[Dataset entries]
○ ○ ○ ○ ○
(* Let $G$ be a finite group, $p$ a prime, and $P$ a Sylow $p$-subgroup of $G$. Suppose $\eta(P)$ is strongly closed in $P$ with respect to $G$, and for every $i\ge 0$ the subgroup $\eta(P)^{p^i}$ is weakly closed in $P$ with respect to $G$. Then $\eta$ strongly controls fusion in $G$: for every subset $A\subseteq P$ and every $g\in G$ with $A^g\subseteq P$, there exist $c\in C_G(A)$ and $n\in N_G(\eta(P))$ with $g=cn$.
   Context: For a finite $p$-group $P$, a normal subgroup $N$ of $P$ is powerfully embedded in $P$ if $[N,P]\le N^p$ when $p$ is odd, and $[N,P]\le N^4$ when $p=2$ (here $N^{k}$ denotes the subgroup generated by all $k$-th powers of elements of $N$). $\eta(P)$ denotes the largest powerfully embedded subgroup of $P$ (the product of all powerfully embedded subgroups of $P$). A subgroup $W\le P$ is weakly closed in $P$ with respect to $G$ if for every $g\in G$ with $W^g\le P$ one has $W^g=W$; it is strongly closed in $P$ with respect to $G$ if for every $w\in W$ and $g\in G$ with $w^g\in P$ one has $w^g\in W$. *)

From mathcomp Require Import all_boot all_fingroup all_solvable.
Set Implicit Arguments. Unset Strict Implicit. Unset Printing Implicit Defensive.
Local Open Scope group_scope.

Section Defs.
Variable gT : finGroupType.

Definition powgen (N : {set gT}) (k : nat) : {set gT} :=
  <<[set x ^+ k | x in N]>>.

Definition powerfully_embedded (p : nat) (N P : {set gT}) : bool :=
  (N <| P) && ([~: N, P] \subset powgen N (if p == 2 then 4 else p)).

Definition eta (p : nat) (P : {set gT}) : {set gT} :=
  <<\bigcup_(N : {group gT} | powerfully_embedded p N P) N>>.

Definition weakly_closed (W P G : {set gT}) : Prop :=
  forall g, g \in G -> W :^ g \subset P -> W :^ g = W.

Definition strongly_closed (W P G : {set gT}) : Prop :=
  forall w g, w \in W -> g \in G -> w ^ g \in P -> w ^ g \in W.
End Defs.

From mathcomp Require Import all_boot all_fingroup all_solvable.
Set Implicit Arguments. Unset Strict Implicit. Unset Printing Implicit Defensive.
Local Open Scope group_scope.

(* N := eta(P) is powerfully embedded in P, and (as for powerful p-groups) so is
   every agemo 'Mho^j(N), with 'Mho^1('Mho^j(N)) = 'Mho^j.+1(N); hence P acts
   trivially on each factor 'Mho^j(N) / 'Mho^j.+1(N).
   Fusion is then controlled by an Alperin-style induction on the intersections
   Q = T :&: R of a Sylow subgroup T containing N with another Sylow subgroup R.
   If N <= Q, weak closure of N lets a Sylow subgroup of 'N_G(Q) be moved into a
   Sylow subgroup over N.  Otherwise, for i minimal with 'Mho^i.+1(N) <= Q, the
   stabiliser K in 'N_G(Q) of Q >= 'Mho^i.+1(N) >= ... >= 1 has its p'-elements
   centralising Q, so by the Frattini argument 'N_G(Q) = 'N(K :&: U) 'C(Q) for a
   Sylow subgroup U of 'N_G(Q); since K :&: U properly enlarges Q, induction
   applies to Q <*> (K :&: U). *)

Lemma quotient_Mho n (gT : finGroupType) (H L : {group gT}) :
  H \subset 'N(L) -> 'Mho^n(H) / L = 'Mho^n(H / L).
Proof. by move=> nLH; rewrite /quotient morphim_Mho. Qed.

Lemma commg_normal_sub (gT : finGroupType) (G H : {group gT}) :
  H \subset G -> [~: H, G] <| G.
Proof. by move=> sHG; have := commg_normal H G; rewrite (joing_idPr sHG). Qed.

Section PowerfulEmbedding.
Variable p : nat.
Hypothesis pr_p : prime p.

(* For [p = 2] the paper asks for [[N, P] <= N^4 = 'Mho^2(N)]; the weaker bound
   ['Mho^1('Mho^1(N))] is what commutes with ['Mho^1], see [pe_bound_Mho1]. *)
Definition pe_bound (gT : finGroupType) (H : {set gT}) : {set gT} :=
  if p == 2 then 'Mho^1('Mho^1(H)) else 'Mho^1(H).
Lemma cospan_iso_trans (C : Category) (X Y : C) (c d e : cospan X Y) :
  cospan_iso c d -> cospan_iso d e -> cospan_iso c e.
Proof.
  intros [phi [[psi [H1 H2]] [Hl Hr]]] [phi' [[psi' [H1' H2']] [Hl' Hr']]].
  exists (phi' ⊚ phi). split; [exists (psi ⊚ psi'); split|split].
  - rewrite !comp_assoc, <- (comp_assoc phi' psi' psi), H1', comp_idr. exact H1.
  - rewrite !comp_assoc, <- (comp_assoc psi phi phi'), H2, comp_idr. exact H2'.
  - rewrite <- comp_assoc, Hl. exact Hl'.
  - rewrite <- comp_assoc, Hr. exact Hr'.
Qed.

Section Pushouts.
Variable C : Category.

Lemma pushout_hom_ext (a b c p q : C) (f : hom a b) (g : hom a c)
    (j : hom b p) (k : hom c p) (h h' : hom p q) :
  is_pushout f g j k -> h ⊚ j = h' ⊚ j -> h ⊚ k = h' ⊚ k -> h = h'.
Proof.
  intros [Hsq Hu] Hj Hk.
  destruct (Hu q (h ⊚ j) (h ⊚ k)) as [x [_ Hx]].
  { rewrite <- !comp_assoc, Hsq. reflexivity. }
  rewrite <- (Hx h), <- (Hx h'); auto.
Qed.

Lemma pushout_sym (a b c p : C) (f : hom a b) (g : hom a c)
    (j : hom b p) (k : hom c p) :
  is_pushout f g j k -> is_pushout g f k j.
Proof.
  intros [Hsq Hu]. split; [symmetry; exact Hsq|].
  intros q u v Huv.
  destruct (Hu q v u (eq_sym Huv)) as [h [[H1 H2] Hh]].
  exists h. split; [split; assumption|].
  intros h' [H1' H2']. apply Hh. split; assumption.
Qed.

Lemma pushout_unique_iso (a b c p p' : C) (f : hom a b) (g : hom a c)
    (j : hom b p) (k : hom c p) (j' : hom b p') (k' : hom c p') :
  is_pushout f g j k -> is_pushout f g j' k' ->
  exists phi : hom p p', is_iso phi /\ phi ⊚ j = j' /\ phi ⊚ k = k'.
Proof.
  intros H H'. pose proof H as [sq U]. pose proof H' as [sq' U'].
  destruct (U _ j' k' sq') as [phi [[P1 P2] _]].
  destruct (U' _ j k sq) as [psi [[Q1 Q2] _]].
  exists phi. split; [exists psi; split|split; assumption].
  - apply (pushout_hom_ext H); rewrite comp_idl, <- comp_assoc.
    + rewrite P1, Q1. reflexivity.
    + rewrite P2, Q2. reflexivity.
  - apply (pushout_hom_ext H'); rewrite comp_idl, <- comp_assoc.
    + rewrite Q1, P1. reflexivity.
    + rewrite Q2, P2. reflexivity.
Qed.

Lemma pushout_paste_right (a b c d p p' : C) (f : hom a b) (g : hom a c)
    (j : hom b p) (k : hom c p) (m : hom b d) (j' : hom d p') (k' : hom c p')
    (mu : hom p p') :
  is_pushout f g j k -> is_pushout (m ⊚ f) g j' k' ->
  mu ⊚ j = j' ⊚ m -> mu ⊚ k = k' -> is_pushout m j j' mu.
Proof.
  intros HP [sq' U'] Hj Hk. split; [symmetry; exact Hj|].
  intros q u v Huv.
  destruct (U' q u (v ⊚ k)) as [h [[H1 H2] Hh]].
  { destruct HP as [sq _].
    rewrite comp_assoc, Huv, <- comp_assoc, sq, comp_assoc. reflexivity. }
  assert (Hmu : h ⊚ mu = v).
  { apply (pushout_hom_ext HP); rewrite <- comp_assoc.
    - rewrite Hj, comp_assoc, H1. exact Huv.
    - rewrite Hk. exact H2. }
  exists h. split; [split; assumption|].
  intros h' [H1' H2']. apply Hh. split; [exact H1'|].
  rewrite <- H2', <- comp_assoc, Hk. reflexivity.
Qed.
○ ○ ○ ○ ○
-- WHAT TO PRODUCE --
Your reply should hold only the lines from the first line of the records through the one with "Section Defs.", reproduced word for word.

-- REPLY --
(* Let $G$ be a finite group, $p$ a prime, and $P$ a Sylow $p$-subgroup of $G$. Suppose $\eta(P)$ is strongly closed in $P$ with respect to $G$, and for every $i\ge 0$ the subgroup $\eta(P)^{p^i}$ is weakly closed in $P$ with respect to $G$. Then $\eta$ strongly controls fusion in $G$: for every subset $A\subseteq P$ and every $g\in G$ with $A^g\subseteq P$, there exist $c\in C_G(A)$ and $n\in N_G(\eta(P))$ with $g=cn$.
   Context: For a finite $p$-group $P$, a normal subgroup $N$ of $P$ is powerfully embedded in $P$ if $[N,P]\le N^p$ when $p$ is odd, and $[N,P]\le N^4$ when $p=2$ (here $N^{k}$ denotes the subgroup generated by all $k$-th powers of elements of $N$). $\eta(P)$ denotes the largest powerfully embedded subgroup of $P$ (the product of all powerfully embedded subgroups of $P$). A subgroup $W\le P$ is weakly closed in $P$ with respect to $G$ if for every $g\in G$ with $W^g\le P$ one has $W^g=W$; it is strongly closed in $P$ with respect to $G$ if for every $w\in W$ and $g\in G$ with $w^g\in P$ one has $w^g\in W$. *)

From mathcomp Require Import all_boot all_fingroup all_solvable.
Set Implicit Arguments. Unset Strict Implicit. Unset Printing Implicit Defensive.
Local Open Scope group_scope.

Section Defs.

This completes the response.